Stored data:
◇ ◇ ◇ ◇

Lemma sum_lt_triangle (f g : nat -> R) M :
  sum_lt (fun j => g j * sum_lt f j) M
  = sum_lt (fun i => f i * sum_lt (fun j => if Nat.ltb i j then g j else 0) M) M.
Proof.
  induction M as [|M IH]; [reflexivity|].
  cbn [sum_lt]. rewrite IH.
  rewrite (sum_lt_eq_0 (fun j => if Nat.ltb M j then g j else 0)), Nat.ltb_irrefl, !Rplus_0_r, Rmult_0_r, Rplus_0_r.
  2:{ intros j Hj. now replace (Nat.ltb M j) with false by (symmetry; apply Nat.ltb_ge; lia). }
  rewrite (Rmult_comm (g M)), <- sum_lt_mult_r, <- sum_lt_plus. apply sum_lt_ext. intros i Hi.
  replace (Nat.ltb i M) with true by (symmetry; apply Nat.ltb_lt; lia). ring.
Qed.

Lemma pow_le_1 x k : 0 <= x <= 1 -> 0 <= x ^ k <= 1.
Proof. intros Hx. split; [now apply pow_le|]. rewrite <- (pow1 k). now apply pow_incr. Qed.

Lemma pow_antitone x m n : 0 <= x <= 1 -> (n <= m)%nat -> x ^ m <= x ^ n.
Proof.
  intros Hx Hnm. replace m with (n + (m - n))%nat by lia. rewrite pow_add.
  pose proof (pow_le_1 x (m - n) Hx). pose proof (pow_le_1 x n Hx). nra.
Qed.

Lemma is_lim_seq_pow u (l : R) D : is_lim_seq u l -> is_lim_seq (fun n => u n ^ D) (l ^ D).
Proof.
  intros Hu. induction D as [|D IH]; simpl.
  - apply is_lim_seq_const.
  - now apply (is_lim_seq_mult' u (fun n => u n ^ D)).
Qed.

Lemma is_lim_seq_geom_poly q D : 0 < q < 1 -> is_lim_seq (fun K => q ^ K * (INR K + 2) ^ D) 0.
Proof.
  intros Hq. set (a := fun K => q ^ K * (INR K + 2) ^ D).
  assert (Hpos : forall K, 0 < a K).
  { intros K. apply Rmult_lt_0_compat; apply pow_lt; [lra|]. pose proof (pos_INR K); lra. }
  assert (Hratio : is_lim_seq (fun K => Rabs (a (S K) / a K)) q).
  { apply is_lim_seq_ext with (fun K => q * (1 + / (INR K + 2)) ^ D).
    - intros K. rewrite Rabs_pos_eq by (apply Rlt_le, Rdiv_lt_0_compat; apply Hpos).
      unfold a. rewrite S_INR. simpl pow.
      assert (0 < INR K + 2) by (pose proof (pos_INR K); lra).
      replace (1 + / (INR K + 2)) with ((INR K + 1 + 2) / (INR K + 2)) by (field; lra).
      unfold Rdiv. rewrite Rpow_mult_distr, pow_inv. field.
      split; apply pow_nonzero; lra.
    - replace (Finite q) with (Finite (q * (1 + 0) ^ D)) by (f_equal; rewrite Rplus_0_r, pow1; ring).
      apply (is_lim_seq_mult' (fun _ => q)); [apply is_lim_seq_const|].
      apply is_lim_seq_pow, (is_lim_seq_plus' (fun _ => 1)); [apply is_lim_seq_const|].
      replace (Finite 0) with (Rbar_inv p_infty) by reflexivity.
      apply is_lim_seq_inv; [|discriminate].
      apply (is_lim_seq_plus _ _ p_infty 2); [apply is_lim_seq_INR|apply is_lim_seq_const|].
      reflexivity. }
  apply is_lim_seq_abs_0, ex_series_lim_0.
  apply (ex_series_DAlembert a q); [lra| |exact Hratio].
  intros K. apply Rgt_not_eq, Hpos.
Qed.

Lemma Lim_seq_eq_of_vanishing_diff (u v : nat -> R) :
  ex_lim_seq u -> is_lim_seq (fun M => u M - v M) 0 -> Lim_seq u = Lim_seq v.
Proof.
  intros Hu Hd. apply Lim_seq_correct in Hu. symmetry. apply is_lim_seq_unique.
  apply is_lim_seq_ext with (fun M => u M - (u M - v M)); [intros; ring|].
  apply (is_lim_seq_minus _ _ (Lim_seq u) 0); auto.
  destruct (Lim_seq u); unfold is_Rbar_minus, is_Rbar_plus; simpl; auto.
  do 2 f_equal. ring.
Qed.

Section QDuality.

Variable q : R.
Hypothesis Hq : 0 < q < 1.

Definition qnat (k : nat) : R := qint q (INR k).

Lemma qnat_pow k : qnat k = (1 - q ^ k) / (1 - q).
Proof. unfold qnat, qint. rewrite Rpower_pow; lra. Qed.

Lemma qnat_0 : qnat 0 = 0.
Proof. rewrite qnat_pow. simpl. field. lra. Qed.

Lemma qnat_add m n : qnat (m + n) = qnat m + q ^ m * qnat n.
Proof. rewrite !qnat_pow, pow_add. field. lra. Qed.

Lemma qnat_ge_1 k : (1 <= k)%nat -> 1 <= qnat k.
Proof.
  intros Hk. rewrite qnat_pow.
  pose proof (pow_antitone q k 1 ltac:(lra) Hk) as Hqk. rewrite pow_1 in Hqk.
  replace 1 with ((1 - q) / (1 - q)) at 1 by (field; lra).
  unfold Rdiv. apply Rmult_le_compat_r; [apply Rlt_le, Rinv_0_lt_compat|]; lra.
Qed.

Lemma qnat_ge_0 k : 0 <= qnat k.
Proof.
  destruct k; [rewrite qnat_0; lra|].
  pose proof (qnat_ge_1 (S k) ltac:(lia)). lra.
Qed.

Lemma Rinv_qnat_bound k : 0 <= / qnat k <= 1.
Proof.
  destruct k; [rewrite qnat_0, Rinv_0; lra|].
  pose proof (qnat_ge_1 (S k) ltac:(lia)). split.
  - apply Rlt_le, Rinv_0_lt_compat; lra.
  - rewrite <- Rinv_1. apply Rinv_le_contravar; lra.
Qed.

Lemma pow_div_qnat_bound k : 0 <= q ^ k / qnat k <= 1.
Proof.
  pose proof (Rinv_qnat_bound k). pose proof (pow_le_1 q k ltac:(lra)).
  unfold Rdiv. split; [apply Rmult_le_pos|]; nra.
Qed.

Fixpoint qfact (k : nat) : R :=
  match k with O => 1 | S k => qfact k * qnat (S k) end.

Lemma qfact_pos k : 0 < qfact k.
Proof.
  induction k; simpl; [lra|].
  pose proof (qnat_ge_1 (S k) ltac:(lia)). nra.
Qed.

Lemma qfact_mul_le m n : qfact m * qfact n <= qfact (m + n).
Proof.
  induction n as [|n IH]; [rewrite Nat.add_0_r; simpl; lra|].
  rewrite Nat.add_succ_r. simpl.
  pose proof (qfact_pos m). pose proof (qfact_pos n).
  assert (qnat (S n) <= qnat (S (m + n))).
  { replace (S (m + n)) with (S n + m)%nat by lia. rewrite qnat_add.
    pose proof (qnat_ge_0 m). pose proof (pow_le_1 q (S n) ltac:(lra)). nra. }
  pose proof (qnat_ge_1 (S n) ltac:(lia)).
  apply Rle_trans with (qfact m * qfact n * qnat (S (m + n))).
  - rewrite Rmult_assoc. apply Rmult_le_compat_l; [lra|]. nra.
  - apply Rmult_le_compat_r; lra.
Qed.

Definition connector (m n : nat) : R :=
  q ^ (m * n) * qfact m * qfact n / qfact (m + n).

Lemma connector_sym m n : connector m n = connector n m.
Proof. unfold connector. rewrite Nat.mul_comm, Nat.add_comm. lra. Qed.

Lemma connector_0_r m : connector m 0 = 1.
Proof.
  unfold connector. rewrite Nat.mul_0_r, Nat.add_0_r. simpl.
  pose proof (qfact_pos m). field. lra.
Qed.

Lemma connector_bound m n : 0 <= connector m n <= q ^ (m * n).
Proof.
  unfold connector.
  pose proof (qfact_pos m). pose proof (qfact_pos n). pose proof (qfact_pos (m + n)).
  pose proof (qfact_mul_le m n). pose proof (pow_le_1 q (m * n) ltac:(lra)).
  assert (qfact m * qfact n / qfact (m + n) <= 1).
  { apply Rmult_le_reg_r with (qfact (m + n)); [lra|]. field_simplify; lra. }
  assert (0 <= qfact m * qfact n / qfact (m + n)).
  { apply Rlt_le, Rdiv_lt_0_compat; nra. }
  replace (q ^ (m * n) * qfact m * qfact n / qfact (m + n))
    with (q ^ (m * n) * (qfact m * qfact n / qfact (m + n))) by (field; lra).
  split; nra.
Qed.

Lemma connector_step m n : (1 <= m)%nat ->
  q ^ m / qnat m * (connector m n - connector m (S n)) = connector m (S n) / qnat (S n).
Proof.
  intros Hm.
  pose proof (qnat_ge_1 m Hm). pose proof (qnat_ge_1 (S n) ltac:(lia)).
  pose proof (qfact_pos m). pose proof (qfact_pos n). pose proof (qfact_pos (m + n)).
  pose proof (qnat_ge_0 (S n)).
  assert (0 < q ^ m) by (apply pow_lt; lra).
  unfold connector. rewrite Nat.add_succ_r. simpl qfact.
  replace (m * S n)%nat with (m * n + m)%nat by lia. rewrite pow_add.
  replace (S (m + n)) with (m + S n)%nat by lia. rewrite qnat_add.
  field. repeat split; nra.
Qed.

Lemma connector_telescope m n M : (1 <= m)%nat -> (n < M)%nat ->
  sum_lt (fun j => if Nat.ltb n j then connector m j / qnat j else 0) M
  = q ^ m / qnat m * (connector m n - connector m (M - 1)).
Proof.
  intros Hm. induction M as [|M IH]; intros HnM; [lia|].
  simpl sum_lt. destruct (Nat.eq_dec n M) as [<-|HnM'].
  - rewrite Nat.ltb_irrefl, sum_lt_eq_0.
    + replace (S n - 1)%nat with n by lia. ring.
    + intros j Hj. now replace (Nat.ltb n j) with false by (symmetry; apply Nat.ltb_ge; lia).
  - rewrite IH by lia. replace (Nat.ltb n M) with true by (symmetry; apply Nat.ltb_lt; lia).
    replace (S M - 1)%nat with M by lia.
    pose proof (connector_step m (M - 1) Hm) as Hstep.
    replace (S (M - 1)) with M in Hstep by lia. rewrite <- Hstep. ring.
Qed.

Lemma connector_tail_bound m K : 0 <= q ^ m / qnat m * connector m K <= q ^ K.
Proof.
  pose proof (connector_bound m K). destruct m as [|m].
  - rewrite qnat_0. unfold Rdiv. rewrite Rinv_0, Rmult_0_r, Rmult_0_l.
    pose proof (pow_le_1 q K ltac:(lra)). lra.
  - pose proof (pow_div_qnat_bound (S m)).
    pose proof (pow_antitone q (S m * K) K ltac:(lra) ltac:(nia)). nra.
Qed.



(* The letters x and y are [true] and [false]. *)
Fixpoint weight (w : list bool) (n : nat) : R :=
  match w with
  | nil => match n with O => 1 | S _ => 0 end
  | true :: w' => q ^ n / qnat n * weight w' n
  | false :: w' => / qnat n * sum_lt (weight w') n
  end.

Lemma weight_nonneg w n : 0 <= weight w n.
Proof.
  revert n; induction w as [|[|] w IH]; intros n; simpl.
  - destruct n; lra.
  - pose proof (pow_div_qnat_bound n). pose proof (IH n). apply Rmult_le_pos; lra.
  - pose proof (Rinv_qnat_bound n). apply Rmult_le_pos; [lra|]. now apply sum_lt_nonneg.
Qed.

Lemma weight_0 w : w <> nil -> weight w 0 = 0.
Proof.
  intros Hw. destruct w as [|[|] w]; [congruence| |]; simpl.
  - rewrite qnat_0. unfold Rdiv. rewrite Rinv_0. ring.
  - ring.
Qed.

Lemma weight_le w n : weight w n <= (INR n + 1) ^ length w.
Proof.
  revert n; induction w as [|[|] w IH]; intros n; simpl.
  - pose proof (pos_INR n). destruct n; lra.
  - pose proof (pow_div_qnat_bound n). pose proof (IH n). pose proof (weight_nonneg w n).
    pose proof (pos_INR n). pose proof (pow_le (INR n + 1) (length w) ltac:(lra)). nra.
  - pose proof (Rinv_qnat_bound n). pose proof (pos_INR n).
    assert (sum_lt (weight w) n <= INR n * (INR n + 1) ^ length w).
    { rewrite <- sum_lt_const. apply sum_lt_le. intros i Hi.
      apply Rle_trans with ((INR i + 1) ^ length w); [apply IH|].
      apply lt_INR in Hi. pose proof (pos_INR i). apply pow_incr. lra. }
    assert (0 <= sum_lt (weight w) n) by (apply sum_lt_nonneg; intros; apply weight_nonneg).
    pose proof (pow_le (INR n + 1) (length w) ltac:(lra)). nra.
Qed.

◇ ◇ ◇ ◇

The answer must consist solely of the lines from the first line of the data to the line holding "Lemma pow_le_1 x", each given again exactly.

**REPLY**
Lemma sum_lt_triangle (f g : nat -> R) M :
  sum_lt (fun j => g j * sum_lt f j) M
  = sum_lt (fun i => f i * sum_lt (fun j => if Nat.ltb i j then g j else 0) M) M.
Proof.
  induction M as [|M IH]; [reflexivity|].
  cbn [sum_lt]. rewrite IH.
  rewrite (sum_lt_eq_0 (fun j => if Nat.ltb M j then g j else 0)), Nat.ltb_irrefl, !Rplus_0_r, Rmult_0_r, Rplus_0_r.
  2:{ intros j Hj. now replace (Nat.ltb M j) with false by (symmetry; apply Nat.ltb_ge; lia). }
  rewrite (Rmult_comm (g M)), <- sum_lt_mult_r, <- sum_lt_plus. apply sum_lt_ext. intros i Hi.
  replace (Nat.ltb i M) with true by (symmetry; apply Nat.ltb_lt; lia). ring.
Qed.

Lemma pow_le_1 x k : 0 <= x <= 1 -> 0 <= x ^ k <= 1.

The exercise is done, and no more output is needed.